### Exercise goal
Here are the records. Write out exactly the lines between the one holding "have [z2 z0]" and the one holding "apply: (@le_trans _ _ (2", inclusive.

[Saved data entries]
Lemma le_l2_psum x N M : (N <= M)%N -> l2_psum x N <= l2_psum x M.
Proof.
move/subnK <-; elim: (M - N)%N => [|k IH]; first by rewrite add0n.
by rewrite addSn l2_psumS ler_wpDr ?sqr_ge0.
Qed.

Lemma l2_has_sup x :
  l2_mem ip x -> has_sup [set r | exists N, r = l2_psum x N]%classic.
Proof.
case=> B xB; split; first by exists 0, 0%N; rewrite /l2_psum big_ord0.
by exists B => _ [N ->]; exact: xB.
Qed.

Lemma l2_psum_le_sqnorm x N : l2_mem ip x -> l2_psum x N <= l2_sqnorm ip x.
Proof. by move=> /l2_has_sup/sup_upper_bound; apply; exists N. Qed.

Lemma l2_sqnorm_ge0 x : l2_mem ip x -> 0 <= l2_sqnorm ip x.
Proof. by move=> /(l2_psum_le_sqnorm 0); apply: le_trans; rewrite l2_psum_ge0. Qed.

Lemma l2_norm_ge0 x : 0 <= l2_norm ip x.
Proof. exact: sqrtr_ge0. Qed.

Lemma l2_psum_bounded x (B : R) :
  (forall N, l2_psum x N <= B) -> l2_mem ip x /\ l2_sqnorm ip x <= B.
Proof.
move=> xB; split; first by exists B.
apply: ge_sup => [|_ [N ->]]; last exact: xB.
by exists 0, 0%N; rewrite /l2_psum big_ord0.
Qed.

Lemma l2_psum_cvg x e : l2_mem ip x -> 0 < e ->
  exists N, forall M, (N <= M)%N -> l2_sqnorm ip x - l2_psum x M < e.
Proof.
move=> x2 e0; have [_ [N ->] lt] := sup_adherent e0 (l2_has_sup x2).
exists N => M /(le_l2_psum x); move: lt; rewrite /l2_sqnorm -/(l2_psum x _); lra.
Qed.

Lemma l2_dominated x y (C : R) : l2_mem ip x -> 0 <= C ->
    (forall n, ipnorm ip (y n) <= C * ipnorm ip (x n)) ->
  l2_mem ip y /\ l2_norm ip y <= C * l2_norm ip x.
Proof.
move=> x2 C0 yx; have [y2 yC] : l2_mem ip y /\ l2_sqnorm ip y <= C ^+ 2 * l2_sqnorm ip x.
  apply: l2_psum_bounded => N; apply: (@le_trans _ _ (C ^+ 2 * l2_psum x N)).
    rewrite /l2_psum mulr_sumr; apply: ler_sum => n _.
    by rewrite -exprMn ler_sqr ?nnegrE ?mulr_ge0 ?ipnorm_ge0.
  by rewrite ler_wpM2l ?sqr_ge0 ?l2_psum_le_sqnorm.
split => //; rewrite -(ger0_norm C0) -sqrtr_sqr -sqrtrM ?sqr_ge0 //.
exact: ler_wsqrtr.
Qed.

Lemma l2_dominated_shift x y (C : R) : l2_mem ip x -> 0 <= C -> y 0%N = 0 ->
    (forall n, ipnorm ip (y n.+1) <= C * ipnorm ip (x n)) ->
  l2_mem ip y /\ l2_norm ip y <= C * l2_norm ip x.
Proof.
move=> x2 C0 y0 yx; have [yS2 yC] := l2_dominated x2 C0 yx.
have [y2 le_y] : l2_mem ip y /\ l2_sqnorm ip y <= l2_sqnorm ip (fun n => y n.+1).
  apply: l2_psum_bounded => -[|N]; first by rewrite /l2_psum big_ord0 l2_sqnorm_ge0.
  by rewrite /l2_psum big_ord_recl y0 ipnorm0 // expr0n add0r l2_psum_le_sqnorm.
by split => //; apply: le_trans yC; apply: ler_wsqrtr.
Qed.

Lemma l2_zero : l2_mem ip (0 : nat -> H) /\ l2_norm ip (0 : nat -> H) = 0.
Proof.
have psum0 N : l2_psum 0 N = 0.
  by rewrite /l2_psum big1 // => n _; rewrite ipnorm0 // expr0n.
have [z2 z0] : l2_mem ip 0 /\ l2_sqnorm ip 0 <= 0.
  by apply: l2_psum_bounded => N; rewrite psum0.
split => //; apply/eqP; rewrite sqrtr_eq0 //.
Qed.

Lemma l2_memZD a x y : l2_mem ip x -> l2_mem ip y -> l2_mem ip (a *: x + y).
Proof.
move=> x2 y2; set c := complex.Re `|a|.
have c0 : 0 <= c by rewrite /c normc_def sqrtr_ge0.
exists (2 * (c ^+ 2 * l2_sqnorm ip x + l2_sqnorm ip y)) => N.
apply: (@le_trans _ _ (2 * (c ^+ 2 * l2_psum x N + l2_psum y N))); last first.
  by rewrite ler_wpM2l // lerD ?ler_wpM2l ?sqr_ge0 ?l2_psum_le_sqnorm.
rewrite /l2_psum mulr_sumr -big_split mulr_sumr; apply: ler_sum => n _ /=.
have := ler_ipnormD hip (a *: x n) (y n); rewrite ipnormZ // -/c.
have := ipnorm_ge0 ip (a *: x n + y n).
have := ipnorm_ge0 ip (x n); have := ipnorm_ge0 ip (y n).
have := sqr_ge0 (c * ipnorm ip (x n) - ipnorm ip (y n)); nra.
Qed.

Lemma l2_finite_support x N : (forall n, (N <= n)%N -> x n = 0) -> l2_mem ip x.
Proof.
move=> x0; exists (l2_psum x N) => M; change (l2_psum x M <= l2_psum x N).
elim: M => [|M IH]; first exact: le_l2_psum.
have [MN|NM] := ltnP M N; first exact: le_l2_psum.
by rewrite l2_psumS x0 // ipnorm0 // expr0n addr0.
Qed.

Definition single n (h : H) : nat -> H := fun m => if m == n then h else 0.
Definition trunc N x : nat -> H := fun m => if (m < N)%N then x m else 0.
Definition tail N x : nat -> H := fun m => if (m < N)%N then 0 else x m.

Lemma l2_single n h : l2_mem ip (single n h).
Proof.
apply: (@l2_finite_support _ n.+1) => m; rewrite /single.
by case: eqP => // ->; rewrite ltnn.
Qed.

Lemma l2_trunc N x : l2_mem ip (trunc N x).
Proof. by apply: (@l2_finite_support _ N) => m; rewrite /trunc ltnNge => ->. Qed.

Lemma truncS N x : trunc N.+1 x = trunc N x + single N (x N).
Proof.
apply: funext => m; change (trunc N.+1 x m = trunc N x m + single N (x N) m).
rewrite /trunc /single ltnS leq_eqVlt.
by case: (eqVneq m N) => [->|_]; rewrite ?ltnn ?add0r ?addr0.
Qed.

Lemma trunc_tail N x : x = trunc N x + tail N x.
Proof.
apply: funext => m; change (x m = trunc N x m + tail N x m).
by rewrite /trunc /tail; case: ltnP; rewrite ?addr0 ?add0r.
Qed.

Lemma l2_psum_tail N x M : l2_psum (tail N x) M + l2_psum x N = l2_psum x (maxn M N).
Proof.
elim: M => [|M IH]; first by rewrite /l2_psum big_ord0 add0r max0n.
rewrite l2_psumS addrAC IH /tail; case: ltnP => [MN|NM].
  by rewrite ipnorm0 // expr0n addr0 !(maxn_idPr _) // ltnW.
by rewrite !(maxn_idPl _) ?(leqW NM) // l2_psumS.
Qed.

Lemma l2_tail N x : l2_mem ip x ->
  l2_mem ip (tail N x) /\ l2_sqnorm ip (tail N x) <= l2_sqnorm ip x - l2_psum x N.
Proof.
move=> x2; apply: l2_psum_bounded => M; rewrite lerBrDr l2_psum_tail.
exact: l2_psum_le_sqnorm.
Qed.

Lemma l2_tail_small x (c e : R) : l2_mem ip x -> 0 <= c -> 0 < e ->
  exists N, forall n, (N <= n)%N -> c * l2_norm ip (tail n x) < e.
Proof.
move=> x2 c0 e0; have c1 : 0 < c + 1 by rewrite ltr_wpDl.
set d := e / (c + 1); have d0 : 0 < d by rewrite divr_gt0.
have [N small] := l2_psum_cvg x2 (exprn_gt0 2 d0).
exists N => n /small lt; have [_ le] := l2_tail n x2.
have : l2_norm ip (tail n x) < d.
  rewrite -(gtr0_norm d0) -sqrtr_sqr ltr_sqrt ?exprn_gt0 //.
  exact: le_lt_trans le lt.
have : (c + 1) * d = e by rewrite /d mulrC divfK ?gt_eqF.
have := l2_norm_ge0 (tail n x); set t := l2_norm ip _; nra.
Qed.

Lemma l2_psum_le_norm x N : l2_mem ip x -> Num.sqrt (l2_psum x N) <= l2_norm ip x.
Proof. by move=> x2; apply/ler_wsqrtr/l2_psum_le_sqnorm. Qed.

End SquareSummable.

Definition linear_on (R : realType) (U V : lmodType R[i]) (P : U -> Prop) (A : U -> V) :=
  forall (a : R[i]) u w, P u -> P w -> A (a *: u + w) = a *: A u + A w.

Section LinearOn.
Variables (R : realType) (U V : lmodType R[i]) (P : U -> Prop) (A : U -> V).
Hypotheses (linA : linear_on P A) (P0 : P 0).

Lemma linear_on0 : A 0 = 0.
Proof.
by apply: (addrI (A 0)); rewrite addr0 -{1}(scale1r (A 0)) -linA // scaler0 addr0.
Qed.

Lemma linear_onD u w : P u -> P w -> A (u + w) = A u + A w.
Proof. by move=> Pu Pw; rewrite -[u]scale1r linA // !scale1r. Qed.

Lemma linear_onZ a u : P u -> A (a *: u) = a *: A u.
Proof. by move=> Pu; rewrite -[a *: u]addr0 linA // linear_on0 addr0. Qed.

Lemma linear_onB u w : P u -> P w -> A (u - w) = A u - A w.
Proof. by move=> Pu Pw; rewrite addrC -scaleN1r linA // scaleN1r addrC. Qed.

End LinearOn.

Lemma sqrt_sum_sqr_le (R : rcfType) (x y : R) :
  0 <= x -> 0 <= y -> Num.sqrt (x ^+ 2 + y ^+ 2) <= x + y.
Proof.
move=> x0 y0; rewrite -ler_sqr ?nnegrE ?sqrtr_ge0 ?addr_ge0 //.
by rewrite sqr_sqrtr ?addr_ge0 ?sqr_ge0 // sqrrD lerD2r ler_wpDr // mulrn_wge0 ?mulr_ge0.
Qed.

* * *

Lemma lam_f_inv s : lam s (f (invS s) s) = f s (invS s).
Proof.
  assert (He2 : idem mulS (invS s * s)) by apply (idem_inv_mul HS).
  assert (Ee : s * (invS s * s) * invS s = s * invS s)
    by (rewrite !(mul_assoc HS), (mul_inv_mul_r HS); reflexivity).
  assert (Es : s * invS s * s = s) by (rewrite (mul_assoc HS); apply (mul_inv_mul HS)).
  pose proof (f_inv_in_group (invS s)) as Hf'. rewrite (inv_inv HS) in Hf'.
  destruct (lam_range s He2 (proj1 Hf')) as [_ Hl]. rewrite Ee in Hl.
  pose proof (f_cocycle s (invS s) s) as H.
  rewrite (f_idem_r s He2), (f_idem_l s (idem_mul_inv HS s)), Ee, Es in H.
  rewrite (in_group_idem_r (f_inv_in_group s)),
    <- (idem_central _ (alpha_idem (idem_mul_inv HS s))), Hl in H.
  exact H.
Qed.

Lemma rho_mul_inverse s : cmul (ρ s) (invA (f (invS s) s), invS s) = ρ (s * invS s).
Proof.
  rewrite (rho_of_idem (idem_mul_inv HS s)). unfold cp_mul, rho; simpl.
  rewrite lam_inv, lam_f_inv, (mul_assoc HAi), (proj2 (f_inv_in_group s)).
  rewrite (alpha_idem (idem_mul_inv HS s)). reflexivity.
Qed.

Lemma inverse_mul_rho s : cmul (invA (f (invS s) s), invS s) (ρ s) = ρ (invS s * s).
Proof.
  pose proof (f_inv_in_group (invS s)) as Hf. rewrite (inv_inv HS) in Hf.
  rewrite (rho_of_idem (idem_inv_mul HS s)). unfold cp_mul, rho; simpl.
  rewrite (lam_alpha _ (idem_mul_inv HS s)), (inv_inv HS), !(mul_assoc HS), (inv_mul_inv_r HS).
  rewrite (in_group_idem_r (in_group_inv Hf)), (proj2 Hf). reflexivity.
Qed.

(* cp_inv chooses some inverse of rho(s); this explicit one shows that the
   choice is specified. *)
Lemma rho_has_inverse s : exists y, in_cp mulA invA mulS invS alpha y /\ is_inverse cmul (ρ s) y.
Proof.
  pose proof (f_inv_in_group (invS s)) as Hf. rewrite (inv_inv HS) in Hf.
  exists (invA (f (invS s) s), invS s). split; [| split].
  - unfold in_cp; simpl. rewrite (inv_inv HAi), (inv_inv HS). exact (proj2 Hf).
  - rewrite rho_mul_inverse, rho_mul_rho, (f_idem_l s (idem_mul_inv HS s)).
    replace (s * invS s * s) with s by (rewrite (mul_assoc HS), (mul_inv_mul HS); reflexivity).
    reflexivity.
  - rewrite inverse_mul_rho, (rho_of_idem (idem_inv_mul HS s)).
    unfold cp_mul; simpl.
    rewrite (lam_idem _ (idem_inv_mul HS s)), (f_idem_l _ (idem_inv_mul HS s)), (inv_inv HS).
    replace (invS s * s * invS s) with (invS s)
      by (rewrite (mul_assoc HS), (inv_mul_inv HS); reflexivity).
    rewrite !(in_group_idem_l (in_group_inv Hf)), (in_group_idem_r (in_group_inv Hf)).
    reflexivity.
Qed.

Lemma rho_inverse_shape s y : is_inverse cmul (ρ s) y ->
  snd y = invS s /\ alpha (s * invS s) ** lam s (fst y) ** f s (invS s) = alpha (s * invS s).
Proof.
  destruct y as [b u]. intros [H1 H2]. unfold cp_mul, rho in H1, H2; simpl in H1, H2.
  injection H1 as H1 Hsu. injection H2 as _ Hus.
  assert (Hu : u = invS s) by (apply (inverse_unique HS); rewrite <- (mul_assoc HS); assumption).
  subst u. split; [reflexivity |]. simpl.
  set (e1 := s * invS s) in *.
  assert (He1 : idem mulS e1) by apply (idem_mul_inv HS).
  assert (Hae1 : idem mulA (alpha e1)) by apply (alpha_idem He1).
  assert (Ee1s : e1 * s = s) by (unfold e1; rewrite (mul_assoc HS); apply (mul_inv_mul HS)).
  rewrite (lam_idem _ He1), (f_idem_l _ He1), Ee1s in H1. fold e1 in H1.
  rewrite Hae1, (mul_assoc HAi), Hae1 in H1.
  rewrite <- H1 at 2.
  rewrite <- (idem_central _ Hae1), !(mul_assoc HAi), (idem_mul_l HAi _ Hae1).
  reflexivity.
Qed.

### Solution
have [z2 z0] : l2_mem ip 0 /\ l2_sqnorm ip 0 <= 0.
  by apply: l2_psum_bounded => N; rewrite psum0.
split => //; apply/eqP; rewrite sqrtr_eq0 //.
Qed.

Lemma l2_memZD a x y : l2_mem ip x -> l2_mem ip y -> l2_mem ip (a *: x + y).
Proof.
move=> x2 y2; set c := complex.Re `|a|.
have c0 : 0 <= c by rewrite /c normc_def sqrtr_ge0.
exists (2 * (c ^+ 2 * l2_sqnorm ip x + l2_sqnorm ip y)) => N.
apply: (@le_trans _ _ (2 * (c ^+ 2 * l2_psum x N + l2_psum y N))); last first.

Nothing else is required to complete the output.